** Exercise **
Below are several entries. Transcribe exactly those lines that fall from the one with "(Y_i, W~_i), and" through the one with "X_1, so X_1", end lines included.
[[ Dataset records, beginning ]]
(* Let $n$ be a positive integer, $\sigma\in(0,1]$ with $\sigma n$ an integer, and let $S\subseteq[n]$ with $|S|=\sigma n$. Let $\alpha>0$ be such that $k=\alpha/\sigma$ is a positive integer. Construct $(X_1,Z_1,\dots,Z_k)$ as follows: draw $Y_1,\dots,Y_k$ independently and uniformly from $[n]$; for each $i$ with $Y_i\notin S$ set $Z_i=Y_i$; for each $i$ with $Y_i\in S$ draw $\tilde W_i$ uniformly from $S$ (independently of everything else) and set $Z_i=\tilde W_i$; if there is at least one $i$ with $Y_i\in S$, let $X_1$ be chosen uniformly at random from the set of drawn values $\{\tilde W_i\}$, and otherwise draw $X_1$ uniformly from $S$ independently. Then: (a) $X_1$ is uniformly distributed on $S$; (b) each $Z_i$ is uniformly distributed on $[n]$; (c) $Z_1,\dots,Z_k$ are independent; (d) with probability $1-(1-\sigma)^{\alpha/\sigma}$, $X_1\in\{Z_1,\dots,Z_k\}$. *)

From mathcomp Require Import all_boot all_order all_algebra.
Unset Printing Implicit Defensive.
Import Order.TTheory GRing.Theory Num.Theory.
Local Open Scope ring_scope.

(* A sample point records
   - y : the draws Y_1..Y_k (uniform on [n], independent),
   - w : auxiliary draws W~_1..W~_k (uniform on S, independent); W~_i is only
         used when Y_i \in S (drawing it for all i changes nothing),
   - x : the value X_1. *)
Definition outcome (n k : nat) :=
  ({ffun 'I_k -> 'I_n} * {ffun 'I_k -> 'I_n} * 'I_n)%type.

Section Constr.
Variables (R : realFieldType) (n k : nat) (S : {set 'I_n}).

Definition drawn (y w : {ffun 'I_k -> 'I_n}) : {set 'I_n} :=
  [set w i | i in [set i | y i \in S]].

(* conditional probability of X_1 = x given (Y, W~) *)
Definition xweight (y w : {ffun 'I_k -> 'I_n}) (x : 'I_n) : R :=
  let D := drawn y w in
  if D != set0 then (x \in D)%:R / #|D|%:R else (x \in S)%:R / #|S|%:R.

Definition weight (o : outcome n k) : R :=
  let: (y, w, x) := o in
  (n%:R^-1) ^+ k * (\prod_i ((w i \in S)%:R / #|S|%:R)) * xweight y w x.

Definition Pr (E : pred (outcome n k)) : R := \sum_(o | E o) weight o.

Definition X1 {n k : nat} (o : outcome n k) : 'I_n := o.2.
Definition Z (o : outcome n k) (i : 'I_k) : 'I_n :=
  if o.1.1 i \in S then o.1.2 i else o.1.1 i.
End Constr.

From mathcomp Require Import all_boot all_order all_algebra.
From mathcomp Require Import perm.
Import Order.TTheory GRing.Theory Num.Theory.
Local Open Scope ring_scope.

(* The law of (Y, W~) is the product over the k coordinates of the law of
   (Y_i, W~_i), and Z_i depends on (Y_i, W~_i) only, with uniform law on [n]:
   this gives (b) and (c).  Applying a transposition of two points of S to all
   the W~_i preserves the law of (Y, W~) and transports the conditional law of
   X_1, so X_1 is uniform on S, which is (a).  Finally X_1 is one of the Z_i
   exactly when some Y_i falls in S (if none does, X_1 lies in S whereas every
   Z_i = Y_i lies outside S), an event of probability 1 - (1 - |S|/n)^k. *)

Lemma sum_mem_natr (R : pzSemiRingType) (T : finType) (A : {pred T}) :
  \sum_(x : T) ((x \in A)%:R : R) = #|A|%:R.
Proof.
by rewrite -sum1_card natr_sum [RHS]big_mkcond; apply: eq_bigr => x _; case: (x \in A).
Qed.

Lemma natr_forall (R : comPzSemiRingType) (I : finType) (b : pred I) :
  ([forall i, b i]%:R : R) = \prod_i (b i)%:R.
Proof.
have [/forallP b_all | /forallPn [j bNj]] := boolP [forall i, b i].
  by rewrite big1 // => i _; rewrite b_all.
by rewrite (bigD1 j) //= (negbTE bNj) mul0r.
Qed.

Lemma sum_ffun2_prod (R : comPzSemiRingType) (I A B : finType)
    (f : I -> A -> B -> R) :
  \sum_(y : {ffun I -> A}) \sum_(w : {ffun I -> B}) \prod_i f i (y i) (w i)
  = \prod_i \sum_a \sum_b f i a b.
Proof.
by rewrite bigA_distr_bigA; apply: eq_bigr => y _; rewrite bigA_distr_bigA.
Qed.

Section Coupling.
Variables (R : realFieldType) (n k : nat) (S : {set 'I_n}).
Hypothesis S_gt0 : (0 < #|S|)%N.

Local Notation Pr := (Pr R n k S).
Local Notation weight := (weight R n k S).
Local Notation xweight := (xweight R n k S).
Local Notation drawn := (drawn n k S).
Local Notation Z := (Z n k S).

Lemma n_gt0 : (0 < n)%N.
Proof. by apply: leq_trans S_gt0 _; rewrite -[leqRHS]card_ord max_card. Qed.

Lemma natr_card_S_neq0 : #|S|%:R != 0 :> R.
Proof. by rewrite pnatr_eq0 -lt0n. Qed.

Lemma natr_n_neq0 : n%:R != 0 :> R.
Proof. by rewrite pnatr_eq0 -lt0n n_gt0. Qed.

Definition coord_mass (a b : 'I_n) : R := n%:R^-1 * ((b \in S)%:R / #|S|%:R).

Lemma sum_unif_S : \sum_b ((b \in S)%:R / #|S|%:R : R) = 1.
Proof. by rewrite -mulr_suml sum_mem_natr mulfV ?natr_card_S_neq0. Qed.

Lemma sum_coord_mass a : \sum_b coord_mass a b = n%:R^-1.
Proof. by rewrite -mulr_sumr sum_unif_S mulr1. Qed.

Lemma sum2_coord_mass : \sum_a \sum_b coord_mass a b = 1.
Proof.
under eq_bigr do rewrite sum_coord_mass.
by rewrite sumr_const card_ord -[_ *+ n]mulr_natl mulfV ?natr_n_neq0.
Qed.

Lemma weightE y w x :
  weight (y, w, x) = \prod_i coord_mass (y i) (w i) * xweight y w x.
Proof. by rewrite /coord_mass big_split /= prodr_const card_ord. Qed.

Lemma sum_xweight y w : \sum_x xweight y w x = 1.
Proof.
rewrite /xweight /=; have [D_neq0 | _] := boolP (drawn y w != set0).
  by rewrite -mulr_suml sum_mem_natr mulfV // pnatr_eq0 -lt0n card_gt0.
by rewrite -mulr_suml sum_mem_natr mulfV ?natr_card_S_neq0.
Qed.

Lemma PrE (E : pred (outcome n k)) :
  Pr E = \sum_y \sum_w \sum_x (E (y, w, x))%:R * weight (y, w, x).
Proof.
rewrite /Pr big_mkcond /= pair_big pair_big /=.
by apply: eq_bigr => [[[y w] x]] _ /=; case: (E _); rewrite ?mul1r ?mul0r.
Qed.

Lemma eq_Pr_support (E E' : pred (outcome n k)) :
  (forall o, weight o != 0 -> E o = E' o) -> Pr E = Pr E'.
Proof.
move=> EE'; rewrite /Pr big_mkcond [RHS]big_mkcond; apply: eq_bigr => o _.
by have [-> | /EE' ->] := eqVneq (weight o) 0; rewrite ?if_same.
Qed.

Lemma PrC (E : pred (outcome n k)) : Pr E = Pr predT - Pr (predC E).
Proof. by rewrite /Pr [X in _ = X - _](bigID E) /= addrK; apply: eq_bigl. Qed.

Lemma Pr_coordwise (E : pred (outcome n k)) (Q : 'I_k -> 'I_n -> 'I_n -> bool) :
    (forall y w x, E (y, w, x) = [forall i, Q i (y i) (w i)]) ->
  Pr E = \prod_i \sum_a \sum_b (Q i a b)%:R * coord_mass a b.
Proof.
move=> EQ; rewrite PrE -sum_ffun2_prod; apply: eq_bigr => y _; apply: eq_bigr => w _.
under [LHS]eq_bigr => x _ do rewrite (EQ y w x) natr_forall weightE mulrA -big_split.
by rewrite -mulr_sumr sum_xweight mulr1.
Qed.

Lemma Pr_predT : Pr predT = 1.
Proof.
rewrite (@Pr_coordwise _ (fun _ _ _ => true)); last by move=> *; apply/esym/forallP.
apply: big1 => i _.
by under eq_bigr do under eq_bigr do rewrite mul1r; apply: sum2_coord_mass.
Qed.

Lemma coord_Z_mass_row a z :
  \sum_b ((if a \in S then b else a) == z)%:R * coord_mass a b
  = n%:R^-1 * (if a \in S then (z \in S)%:R / #|S|%:R else (a == z)%:R).
Proof.
case: ifP => _; last by rewrite -mulr_sumr sum_coord_mass mulrC.
by rewrite (bigD1 z) //= eqxx mul1r big1 ?addr0 // => b /negbTE ->; rewrite mul0r.
Qed.

Lemma coord_Z_mass z :
  \sum_a \sum_b ((if a \in S then b else a) == z)%:R * coord_mass a b = n%:R^-1.
Proof.
rewrite (eq_bigr _ (fun a _ => coord_Z_mass_row a z)) -mulr_sumr -[RHS]mulr1.
congr (_ * _); have [zS | zNS] := boolP (z \in S).
  rewrite -[RHS]sum_unif_S; apply: eq_bigr => a _.
  case: ifPn => [// | aNS].
  have /negbTE -> : a != z by apply: contraNneq aNS => ->.
  by rewrite mul0r.
rewrite (bigD1 z) //= eqxx (negbTE zNS) big1 ?addr0 // => a /negbTE aNz.
by rewrite aNz mul0r; case: ifP.
Qed.

Lemma Pr_Z i z : Pr [pred o | Z o i == z] = n%:R^-1.
Proof.
rewrite (@Pr_coordwise _ (fun j a b => (j == i) ==> ((if a \in S then b else a) == z))).
  rewrite (bigD1 i) //= eqxx coord_Z_mass big1 ?mulr1 // => j /negbTE ->.
  by under eq_bigr do under eq_bigr do rewrite mul1r; apply: sum2_coord_mass.
move=> y w x; rewrite /Z /=; apply/idP/forallP => [Zz j | /(_ i)]; last by rewrite eqxx.
by case: eqP => [-> | ].
Qed.

Lemma Pr_Z_indep (z : {ffun 'I_k -> 'I_n}) :
  Pr [pred o | [forall i, Z o i == z i]] = \prod_i Pr [pred o | Z o i == z i].
Proof.
rewrite (@Pr_coordwise _ (fun j a b => (if a \in S then b else a) == z j)) //.
by apply: eq_bigr => i _; rewrite coord_Z_mass Pr_Z.
Qed.

Definition X1_mass (x : 'I_n) : R := \sum_y \sum_w weight (y, w, x).

Lemma Pr_X1 x : Pr [pred o | X1 o == x] = X1_mass x.
Proof.
rewrite PrE; apply: eq_bigr => y _; apply: eq_bigr => w _.
rewrite (bigD1 x) //= eqxx mul1r [X in _ + X]big1 ?addr0 // => x' /negbTE x'x.
by rewrite /X1 /= x'x mul0r.
Qed.

Lemma sum_X1_mass : \sum_x X1_mass x = 1.
Proof.
rewrite -Pr_predT PrE exchange_big; apply: eq_bigr => y _ /=.
by rewrite exchange_big; apply: eq_bigr => w _; apply: eq_bigr => x _; rewrite mul1r.
Qed.

Lemma X1_mass_notin x : x \notin S -> X1_mass x = 0.
Proof.
move=> xNS; apply: big1 => y _; apply: big1 => w _; rewrite weightE.
have [/forallP wS | /forallPn [i wNS]] := boolP [forall i, w i \in S]; last first.
  by rewrite (bigD1 i) //= /coord_mass (negbTE wNS) !(mul0r, mulr0).
have /negbTE xNdrawn : x \notin drawn y w.
  by apply/imsetP => -[j _ xwj]; move: xNS; rewrite xwj wS.
by rewrite /xweight /= xNdrawn (negbTE xNS); case: ifP; rewrite !mul0r mulr0.
Qed.

Lemma X1_mass_tperm x x' : x \in S -> x' \in S -> X1_mass x = X1_mass x'.
Proof.
move=> xS x'S; pose pi := tperm x x'.
pose relabel (w : {ffun 'I_k -> 'I_n}) := [ffun i => pi (w i)].
have relabelK : involutive relabel by move=> w; apply/ffunP => i; rewrite !ffunE tpermK.
have piS a : (pi a \in S) = (a \in S).
  by rewrite /pi; case: tpermP => [->|->|//]; rewrite xS x'S.
apply: eq_bigr => y _; rewrite [RHS](reindex_inj (inv_inj relabelK)).
apply: eq_bigr => w _; rewrite !weightE; congr (_ * _).
  by apply: eq_bigr => i _; rewrite /coord_mass ffunE piS.
have drawn_relabel : drawn y (relabel w) = pi @: drawn y w.
  by rewrite /drawn -imset_comp; apply: eq_imset => i /=; rewrite ffunE.
rewrite /xweight /= drawn_relabel.
rewrite [in RHS]imset_eq0 [in RHS]card_imset; last exact: perm_inj.
by rewrite -{1}(tpermL x x') mem_imset ?xS ?x'S //; apply: perm_inj.
Qed.

Lemma Pr_X1_unif x :
  Pr [pred o | X1 o == x] = if x \in S then #|S|%:R^-1 else 0.
Proof.
rewrite Pr_X1; case: ifPn => [xS | /X1_mass_notin //].
have : \sum_x' (x' \in S)%:R * X1_mass x = 1.
  rewrite -[RHS]sum_X1_mass; apply: eq_bigr => x' _.
  have [x'S | x'NS] := boolP (x' \in S); last by rewrite mul0r X1_mass_notin.
  by rewrite mul1r (X1_mass_tperm _ _ xS x'S).
rewrite -mulr_suml sum_mem_natr => /(congr1 (fun t => #|S|%:R^-1 * t)).
by rewrite mulr1 mulKf ?natr_card_S_neq0.
Qed.

Lemma Pr_Y_notin_S :
  Pr [pred o : outcome n k | [forall i, o.1.1 i \notin S]] = (1 - #|S|%:R / n%:R) ^+ k.
Proof.
rewrite (@Pr_coordwise _ (fun _ a _ => a \notin S)) //.
rewrite -[in RHS](card_ord k) -prodr_const; apply: eq_bigr => i _.
under eq_bigr do rewrite -mulr_sumr sum_coord_mass.
rewrite -mulr_suml (eq_bigr (fun a => (a \in ~: S)%:R)) => [|a _]; last by rewrite in_setC.
rewrite sum_mem_natr [#|~: S|]cardsCs setCK natrB ?max_card // card_ord.
by rewrite mulrBl mulfV ?natr_n_neq0.
Qed.

Lemma xweight_neq0 y w x : xweight y w x != 0 ->
  if drawn y w != set0 then x \in drawn y w else x \in S.
Proof.
by rewrite /xweight /=; case: ifP => _; case: (x \in _) => //; rewrite mul0r eqxx.
Qed.

Lemma X1_in_Z_on_support (o : outcome n k) : weight o != 0 ->
  [exists i, X1 o == Z o i] = [exists i, o.1.1 i \in S].
Proof.
case: o => [[y w] x]; rewrite weightE mulf_eq0 negb_or => /andP [_ /xweight_neq0].
rewrite /X1 /Z /=; have [/existsP [i yiS] | /existsPn yNS] := boolP [exists i, y i \in S].
  have -> : drawn y w != set0 by apply/set0Pn; exists (w i); apply: imset_f; rewrite inE.
  by case/imsetP => j; rewrite inE => yjS ->; apply/existsP; exists j; rewrite yjS.
have -> : drawn y w = set0.
  by apply/eqP; rewrite imset_eq0; apply/eqP/setP => i; rewrite !inE (negbTE (yNS i)).
rewrite eqxx => xS; apply/existsPn => i; rewrite (negbTE (yNS i)).
by apply: contraTneq xS => ->; apply: yNS.
Qed.

Lemma Pr_X1_in_Z :
  Pr [pred o | [exists i, X1 o == Z o i]] = 1 - (1 - #|S|%:R / n%:R) ^+ k.
Proof.
rewrite (@eq_Pr_support _ [pred o : outcome n k | [exists i, o.1.1 i \in S]]); last first.
  by move=> o /X1_in_Z_on_support.
rewrite PrC Pr_predT -Pr_Y_notin_S; congr (_ - _); apply: eq_Pr_support => o _.
by rewrite /= negb_exists.
Qed.

End Coupling.

Theorem mainTheorem2 (R : realFieldType) (n k : nat) (sigma alpha : R)
  (S : {set 'I_n}) :
  (0 < n)%N -> 0 < sigma -> sigma <= 1 ->
  (#|S|)%:R = sigma * n%:R ->
  0 < alpha -> (0 < k)%N -> alpha / sigma = k%:R ->
  (* (a) X_1 uniform on S *)
  (forall x : 'I_n,
     Pr R n k S [pred o | X1 o == x] = if x \in S then (#|S|%:R)^-1 else 0) /\
  (* (b) each Z_i uniform on [n] *)
  (forall (i : 'I_k) (z : 'I_n), Pr R n k S [pred o | Z n k S o i == z] = (n%:R)^-1) /\
  (* (c) Z_1..Z_k mutually independent *)
  (forall z : {ffun 'I_k -> 'I_n},
     Pr R n k S [pred o | [forall i, Z n k S o i == z i]]
     = \prod_(i < k) Pr R n k S [pred o | Z n k S o i == z i]) /\
  (* (d) *)
  Pr R n k S [pred o | [exists i, X1 o == Z n k S o i]] = 1 - (1 - sigma) ^+ k.
Proof.
move=> n_gt0 sigma_gt0 _ card_S _ _ _.
have S_gt0 : (0 < #|S|)%N by rewrite -(ltr0n R) card_S mulr_gt0 ?ltr0n.
split; first exact: Pr_X1_unif.
split; first exact: Pr_Z.
split; first exact: Pr_Z_indep.
by rewrite Pr_X1_in_Z // card_S mulfK // pnatr_eq0 -lt0n.
Qed.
[[ Dataset records, end ]]
** The answer **
   (Y_i, W~_i), and Z_i depends on (Y_i, W~_i) only, with uniform law on [n]:
   this gives (b) and (c).  Applying a transposition of two points of S to all
   the W~_i preserves the law of (Y, W~) and transports the conditional law of
   X_1, so X_1 is uniform on S, which is (a).  Finally X_1 is one of the Z_i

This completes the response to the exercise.